Franklin D. Raines
Class of 2001
- Former Chairman and CEO Fannie Mae
Franklin Raines was born in 1949 in Seattle, Washington. His parents had five boys and one girl. They later took in a nephew whose mother had died. "I was the third from the last in that mix," says Raines. His father had some high school education, but his mother never made it beyond elementary school.
For most of Raines's life, his father was a custodian. At one time, his father had a promising job with Boeing, but severe bouts of depression made him unable to keep that job. When Raines was seven, his father became so severely depressed that he was hospitalized for a year. For the remainder of his life, he had periodic relapses of depression. Raines's mother worked nights as a custodian so that she could care for her large family during the day.
When he was eight, Raines got a job at the local grocery store stocking shelves and sweeping floors for $2 a week. By age 16, his wages had climbed to $10 a week. During his father's hospitalization, Raines gave half his income to his mother and kept the rest to pay for his own needs. In high school, he worked in a department store and refereed basketball games.
Raines was a star debater and captain of his high school football team. He became interested in politics, serving a summer internship with Washington's secretary of state, his first foray into government. He later became junior class president and then student body president. Raines applied to Harvard University, Yale University, Stanford University, Wesleyan University, and Princeton University. On April 15, the day the answers were to arrive in the mail, he left school early to see if he had been accepted to any of his choices. "When I opened the mailbox, there were five fat envelopes," he recalls. "That's always good news."
With the help of a large scholarship, Raines accepted Harvard's offer. But once there, he immediately felt inferior to his classmates financially, educationally, and socially. He quickly got involved with campus governance and Harvard political life, serving as vice president of the Freshman Council and chairman of Harvard's first student-faculty committee.

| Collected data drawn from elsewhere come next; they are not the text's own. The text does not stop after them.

Lemma fvs_lifted : fvs dir D L.
Proof.
move=> s cyc; apply/negPn/negP => sL.
have [/allP ports | /allPn [y ys y_port]] := boolP (all (fun x => x == port (tag x)) s).
  have tag_inj : {in s &, injective (fun x => tag x)}.
    by move=> x y xs ys xy; rewrite (eqP (ports x xs)) (eqP (ports y ys)) xy.
  have tag_homo : {in s &, {homo (fun x => tag x) : x y / D x y >-> e0 x y}}.
    move=> x y xs ys Dxy; have [xy | xy] := eqVneq (tag x) (tag y).
      by move: Dxy; rewrite (tag_inj x y xs ys xy) compose_irrefl.
    by move: Dxy; rewrite compose_cross // => /and3P [].
  have [x xs xF0] := fvs_map_in F0_fvs tag_inj tag_homo cyc.
  by case/hasP: sL; exists x; rewrite // (eqP (ports x xs)); apply/setUP; right; apply: imset_f.
have /allP in_block := cycle_in_block cyc sL ys y_port.
have sameE z : z \in s -> Tagged T (tagged_as y z) = z.
  by move=> zs; apply: Tagged_tagged_as; apply/eqP/in_block.
have as_inj : {in s &, injective (tagged_as y)}.
  by move=> z w zs ws zw; rewrite -(sameE z zs) -(sameE w ws) zw.
have as_homo : {in s &, {homo tagged_as y : z w / D z w >-> e (tag y) z w}}.
  by move=> z w zs ws; rewrite -{1}(sameE z zs) -{1}(sameE w ws) compose_tagged.
have [z zs zM] := fvs_map_in (@M_fvs (tag y)) as_inj as_homo cyc.
by case/hasP: sL; exists z; rewrite // -(sameE z zs) !inE /= zM.
Qed.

During summers, he interned for Daniel Patrick Moynihan, who at the time was President Richard Nixon's urban affairs adviser. Raines graduated magna cum laude in 1971 and then left for England to study at Oxford as a Rhodes scholar. He took a leave from Oxford to work for the Seattle Model Cities Program. In 1973, he returned to Massachusetts to attend Harvard Law School, again on scholarship. To pay for his own expenses, however, he was a graduate assistant for an undergraduate course about the Supreme Court. He also consulted with local governments, and earned free room and board by serving as a freshman adviser.
Raines earned his law degree in 1976 and accepted a job offer from a Seattle law firm. He was there for only seven months when President Jimmy Carter asked him to work in the White House on welfare reform. Raines had done his senior thesis in college on welfare reform, and he had continued studying it and writing about it at Oxford and in law school.
In 1978, he was promoted to associate director of the Office of Management and Budget (OMB). Before he was 30, Raines was supervising 25 percent of the federal budget.
In 1979, looking for an opportunity outside government, Raines accepted the offer of a vice presidency with Lazard Frères in New York. Twelve years later, as a partner with Lazard Frères, he decided it was time for another change. In 1991, he became vice chairman of the Federal National Mortgage Association (Fannie Mae) and focused his attention on new business development, technology, and strategic planning.
In 1996, he returned to government to serve as OMB director, becoming the first OMB chief in 30 years to balance the federal budget. After two years of government service and serving as the president's key negotiator for the Balanced Budget Act of 1997, he returned to Fannie Mae as chairman-designate. He served as chairman and CEO from 1999 to 2004.
"My definition of luck is preparation meeting opportunity," says Raines, looking back at his career. "When others look at your success, they may say you were simply lucky with the opportunities that came your way. You have to be prepared for opportunities because if they come your way and you aren't prepared, nothing is going to happen. It just looks like luck. My advice is to be good at something, rather than mediocre at everything. Get yourself prepared, and then expose yourself to opportunities."